TASK DIRECTIONS
In the listing below, identify each line with the word "crossT" and return those lines.

INFORMATION GIVEN
--

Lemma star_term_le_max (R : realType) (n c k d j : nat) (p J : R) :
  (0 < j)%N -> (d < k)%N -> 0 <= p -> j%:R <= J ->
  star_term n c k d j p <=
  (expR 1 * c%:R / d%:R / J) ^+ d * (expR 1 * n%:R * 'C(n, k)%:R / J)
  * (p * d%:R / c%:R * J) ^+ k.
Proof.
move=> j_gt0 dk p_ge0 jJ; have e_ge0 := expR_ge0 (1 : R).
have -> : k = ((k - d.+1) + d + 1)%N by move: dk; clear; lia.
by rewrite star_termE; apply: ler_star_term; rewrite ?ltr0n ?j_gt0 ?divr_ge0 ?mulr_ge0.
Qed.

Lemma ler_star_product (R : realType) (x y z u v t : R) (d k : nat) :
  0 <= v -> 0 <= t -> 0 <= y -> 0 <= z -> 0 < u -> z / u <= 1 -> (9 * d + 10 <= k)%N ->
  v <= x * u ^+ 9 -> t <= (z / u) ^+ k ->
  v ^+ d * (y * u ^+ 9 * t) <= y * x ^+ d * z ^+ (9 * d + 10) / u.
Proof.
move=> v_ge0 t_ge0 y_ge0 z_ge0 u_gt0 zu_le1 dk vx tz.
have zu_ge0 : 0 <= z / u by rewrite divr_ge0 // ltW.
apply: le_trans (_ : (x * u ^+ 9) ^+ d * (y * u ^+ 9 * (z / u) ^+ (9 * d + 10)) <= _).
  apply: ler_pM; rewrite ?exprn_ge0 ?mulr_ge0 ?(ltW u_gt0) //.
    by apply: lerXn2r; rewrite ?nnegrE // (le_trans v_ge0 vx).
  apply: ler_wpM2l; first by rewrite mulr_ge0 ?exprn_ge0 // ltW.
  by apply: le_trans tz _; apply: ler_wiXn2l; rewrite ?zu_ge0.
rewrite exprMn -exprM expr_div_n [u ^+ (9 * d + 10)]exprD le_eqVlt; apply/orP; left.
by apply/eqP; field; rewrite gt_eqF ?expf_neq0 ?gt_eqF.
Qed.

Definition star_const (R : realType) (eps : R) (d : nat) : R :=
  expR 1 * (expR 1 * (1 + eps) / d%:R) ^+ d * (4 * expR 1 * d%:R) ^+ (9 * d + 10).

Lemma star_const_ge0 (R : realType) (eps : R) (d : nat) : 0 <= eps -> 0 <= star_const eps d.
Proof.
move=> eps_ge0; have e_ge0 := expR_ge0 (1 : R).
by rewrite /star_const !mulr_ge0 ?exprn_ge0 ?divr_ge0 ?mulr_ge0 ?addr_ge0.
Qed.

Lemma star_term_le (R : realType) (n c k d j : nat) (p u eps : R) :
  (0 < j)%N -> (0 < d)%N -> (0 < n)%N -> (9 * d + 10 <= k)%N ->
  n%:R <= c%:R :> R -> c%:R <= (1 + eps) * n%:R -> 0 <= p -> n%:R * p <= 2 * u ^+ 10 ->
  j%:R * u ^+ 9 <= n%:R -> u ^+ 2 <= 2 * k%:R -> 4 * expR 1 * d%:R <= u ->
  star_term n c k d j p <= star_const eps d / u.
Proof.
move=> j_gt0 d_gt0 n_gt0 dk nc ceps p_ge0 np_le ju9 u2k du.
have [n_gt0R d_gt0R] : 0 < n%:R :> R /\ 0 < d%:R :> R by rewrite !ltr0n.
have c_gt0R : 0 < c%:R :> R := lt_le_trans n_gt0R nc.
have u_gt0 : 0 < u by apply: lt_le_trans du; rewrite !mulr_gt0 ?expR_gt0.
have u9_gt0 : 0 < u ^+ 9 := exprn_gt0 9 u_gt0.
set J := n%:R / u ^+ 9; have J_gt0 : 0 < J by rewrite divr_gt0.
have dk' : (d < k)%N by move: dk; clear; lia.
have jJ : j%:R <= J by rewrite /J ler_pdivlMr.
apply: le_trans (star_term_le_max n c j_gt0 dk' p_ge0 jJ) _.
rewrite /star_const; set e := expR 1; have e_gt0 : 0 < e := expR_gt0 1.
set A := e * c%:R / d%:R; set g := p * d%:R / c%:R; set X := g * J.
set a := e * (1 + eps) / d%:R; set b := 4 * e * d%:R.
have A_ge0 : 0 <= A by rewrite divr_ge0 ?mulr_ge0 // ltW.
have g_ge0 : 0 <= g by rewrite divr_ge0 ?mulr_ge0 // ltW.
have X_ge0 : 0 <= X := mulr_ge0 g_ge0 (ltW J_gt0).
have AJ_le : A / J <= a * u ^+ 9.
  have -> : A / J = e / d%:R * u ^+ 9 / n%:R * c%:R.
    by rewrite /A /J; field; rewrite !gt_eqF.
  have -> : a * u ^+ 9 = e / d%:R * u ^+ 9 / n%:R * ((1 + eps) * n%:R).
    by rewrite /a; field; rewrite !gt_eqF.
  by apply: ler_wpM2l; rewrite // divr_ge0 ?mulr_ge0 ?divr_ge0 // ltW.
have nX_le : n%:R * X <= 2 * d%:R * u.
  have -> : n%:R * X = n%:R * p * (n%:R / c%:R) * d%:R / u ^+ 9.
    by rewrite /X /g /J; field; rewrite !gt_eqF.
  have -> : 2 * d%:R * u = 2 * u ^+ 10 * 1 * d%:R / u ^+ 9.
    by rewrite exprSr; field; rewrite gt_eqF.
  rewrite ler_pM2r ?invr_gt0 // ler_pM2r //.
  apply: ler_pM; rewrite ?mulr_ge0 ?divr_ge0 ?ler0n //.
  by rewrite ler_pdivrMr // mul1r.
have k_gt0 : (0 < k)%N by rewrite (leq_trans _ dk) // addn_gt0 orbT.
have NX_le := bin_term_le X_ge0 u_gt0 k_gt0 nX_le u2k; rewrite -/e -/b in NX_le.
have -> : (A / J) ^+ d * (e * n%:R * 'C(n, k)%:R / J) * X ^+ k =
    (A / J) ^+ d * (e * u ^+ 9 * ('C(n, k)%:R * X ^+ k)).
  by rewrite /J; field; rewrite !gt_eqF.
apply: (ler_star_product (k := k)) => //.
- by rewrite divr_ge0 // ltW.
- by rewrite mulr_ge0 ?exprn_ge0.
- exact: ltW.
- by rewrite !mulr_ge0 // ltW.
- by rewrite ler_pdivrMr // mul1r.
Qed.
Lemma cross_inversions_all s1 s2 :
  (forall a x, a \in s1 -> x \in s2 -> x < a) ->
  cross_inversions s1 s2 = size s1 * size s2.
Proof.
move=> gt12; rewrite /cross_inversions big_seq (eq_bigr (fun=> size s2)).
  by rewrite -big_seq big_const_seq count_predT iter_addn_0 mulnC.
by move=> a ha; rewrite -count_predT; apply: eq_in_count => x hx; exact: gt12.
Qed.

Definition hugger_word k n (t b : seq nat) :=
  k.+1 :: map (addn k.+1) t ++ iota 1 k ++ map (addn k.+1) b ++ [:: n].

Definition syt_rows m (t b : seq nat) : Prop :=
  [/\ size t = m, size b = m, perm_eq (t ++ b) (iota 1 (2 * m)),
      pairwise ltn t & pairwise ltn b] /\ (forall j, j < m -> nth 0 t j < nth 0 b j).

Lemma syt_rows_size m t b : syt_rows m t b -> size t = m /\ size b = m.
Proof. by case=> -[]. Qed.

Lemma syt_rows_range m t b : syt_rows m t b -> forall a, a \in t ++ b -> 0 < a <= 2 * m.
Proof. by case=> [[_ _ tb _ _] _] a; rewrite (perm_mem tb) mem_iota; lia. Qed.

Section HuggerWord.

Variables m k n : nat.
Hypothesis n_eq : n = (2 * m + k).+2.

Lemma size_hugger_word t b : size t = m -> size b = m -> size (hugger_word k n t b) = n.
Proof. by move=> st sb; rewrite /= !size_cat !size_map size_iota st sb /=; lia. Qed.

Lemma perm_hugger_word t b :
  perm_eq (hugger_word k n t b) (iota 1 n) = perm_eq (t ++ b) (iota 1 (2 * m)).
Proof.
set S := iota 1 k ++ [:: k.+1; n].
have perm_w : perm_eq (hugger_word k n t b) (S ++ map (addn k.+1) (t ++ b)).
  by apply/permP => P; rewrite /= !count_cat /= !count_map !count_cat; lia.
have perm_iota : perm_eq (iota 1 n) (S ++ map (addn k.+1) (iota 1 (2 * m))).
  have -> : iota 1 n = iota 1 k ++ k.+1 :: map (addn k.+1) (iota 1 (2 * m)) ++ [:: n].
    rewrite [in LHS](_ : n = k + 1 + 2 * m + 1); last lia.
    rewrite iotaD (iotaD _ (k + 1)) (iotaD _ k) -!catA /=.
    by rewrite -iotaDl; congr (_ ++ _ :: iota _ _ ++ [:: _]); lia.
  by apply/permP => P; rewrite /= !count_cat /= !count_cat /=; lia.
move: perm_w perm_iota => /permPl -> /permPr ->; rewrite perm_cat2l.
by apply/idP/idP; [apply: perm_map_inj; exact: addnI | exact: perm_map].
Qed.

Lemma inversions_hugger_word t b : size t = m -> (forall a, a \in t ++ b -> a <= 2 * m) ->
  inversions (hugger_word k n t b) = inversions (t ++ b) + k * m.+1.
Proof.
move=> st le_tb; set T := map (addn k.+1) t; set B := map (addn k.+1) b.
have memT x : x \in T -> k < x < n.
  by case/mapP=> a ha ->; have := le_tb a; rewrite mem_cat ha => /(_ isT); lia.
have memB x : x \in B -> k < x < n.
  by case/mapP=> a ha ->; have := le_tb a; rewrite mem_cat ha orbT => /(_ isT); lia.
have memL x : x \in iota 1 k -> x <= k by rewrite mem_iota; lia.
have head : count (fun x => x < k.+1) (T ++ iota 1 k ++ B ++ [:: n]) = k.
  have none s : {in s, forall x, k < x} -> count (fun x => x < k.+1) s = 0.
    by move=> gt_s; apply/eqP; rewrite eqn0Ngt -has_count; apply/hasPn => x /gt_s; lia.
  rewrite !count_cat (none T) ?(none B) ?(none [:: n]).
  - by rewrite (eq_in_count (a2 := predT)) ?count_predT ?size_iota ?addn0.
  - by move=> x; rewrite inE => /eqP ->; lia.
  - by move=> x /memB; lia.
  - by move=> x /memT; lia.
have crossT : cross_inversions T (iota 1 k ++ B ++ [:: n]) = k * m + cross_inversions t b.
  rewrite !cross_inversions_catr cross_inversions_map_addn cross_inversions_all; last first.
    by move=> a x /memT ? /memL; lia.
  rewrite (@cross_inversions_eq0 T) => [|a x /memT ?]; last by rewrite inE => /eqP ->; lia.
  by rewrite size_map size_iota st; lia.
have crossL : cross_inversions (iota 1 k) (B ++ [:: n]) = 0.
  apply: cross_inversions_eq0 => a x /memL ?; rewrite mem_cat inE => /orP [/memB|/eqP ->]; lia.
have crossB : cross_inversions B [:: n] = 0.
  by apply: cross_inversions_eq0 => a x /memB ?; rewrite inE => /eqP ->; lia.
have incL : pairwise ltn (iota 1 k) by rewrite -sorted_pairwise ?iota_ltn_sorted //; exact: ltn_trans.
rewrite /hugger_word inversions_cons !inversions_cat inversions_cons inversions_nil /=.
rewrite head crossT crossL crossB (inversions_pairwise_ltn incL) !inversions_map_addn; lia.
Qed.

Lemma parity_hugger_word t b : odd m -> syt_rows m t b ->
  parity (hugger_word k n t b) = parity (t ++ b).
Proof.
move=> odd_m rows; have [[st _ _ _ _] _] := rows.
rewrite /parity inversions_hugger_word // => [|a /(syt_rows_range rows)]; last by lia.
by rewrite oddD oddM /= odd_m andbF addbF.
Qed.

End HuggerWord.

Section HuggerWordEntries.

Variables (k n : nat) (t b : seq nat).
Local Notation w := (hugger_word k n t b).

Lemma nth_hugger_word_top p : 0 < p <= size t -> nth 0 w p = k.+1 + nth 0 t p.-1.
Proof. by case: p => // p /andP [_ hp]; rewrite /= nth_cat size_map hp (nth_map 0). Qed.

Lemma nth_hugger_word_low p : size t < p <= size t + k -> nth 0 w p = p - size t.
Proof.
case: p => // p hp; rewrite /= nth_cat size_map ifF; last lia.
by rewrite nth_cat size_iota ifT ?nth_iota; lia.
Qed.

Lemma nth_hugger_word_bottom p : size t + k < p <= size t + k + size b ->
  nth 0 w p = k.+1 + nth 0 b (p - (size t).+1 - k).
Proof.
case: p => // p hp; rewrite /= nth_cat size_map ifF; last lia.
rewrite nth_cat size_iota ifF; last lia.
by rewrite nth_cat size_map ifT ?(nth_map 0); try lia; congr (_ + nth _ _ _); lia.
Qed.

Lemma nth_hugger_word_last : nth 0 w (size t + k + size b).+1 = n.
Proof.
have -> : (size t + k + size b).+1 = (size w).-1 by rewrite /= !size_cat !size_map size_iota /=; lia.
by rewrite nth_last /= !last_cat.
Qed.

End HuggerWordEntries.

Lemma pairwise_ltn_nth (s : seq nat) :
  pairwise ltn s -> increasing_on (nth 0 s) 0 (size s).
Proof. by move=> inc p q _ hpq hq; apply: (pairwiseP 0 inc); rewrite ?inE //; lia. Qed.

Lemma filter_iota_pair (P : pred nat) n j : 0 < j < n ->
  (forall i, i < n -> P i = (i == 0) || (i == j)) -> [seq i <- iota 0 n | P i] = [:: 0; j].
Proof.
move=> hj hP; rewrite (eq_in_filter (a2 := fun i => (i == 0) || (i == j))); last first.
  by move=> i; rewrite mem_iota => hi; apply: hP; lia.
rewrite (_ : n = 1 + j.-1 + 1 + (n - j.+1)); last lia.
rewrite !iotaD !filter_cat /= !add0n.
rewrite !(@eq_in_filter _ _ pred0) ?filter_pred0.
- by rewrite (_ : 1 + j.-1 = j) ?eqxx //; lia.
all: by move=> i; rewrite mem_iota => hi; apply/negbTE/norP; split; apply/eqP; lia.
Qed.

--

EXERCISE SOLUTION
have crossT : cross_inversions T (iota 1 k ++ B ++ [:: n]) = k * m + cross_inversions t b.
rewrite head crossT crossL crossB (inversions_pairwise_ltn incL) !inversions_map_addn; lia.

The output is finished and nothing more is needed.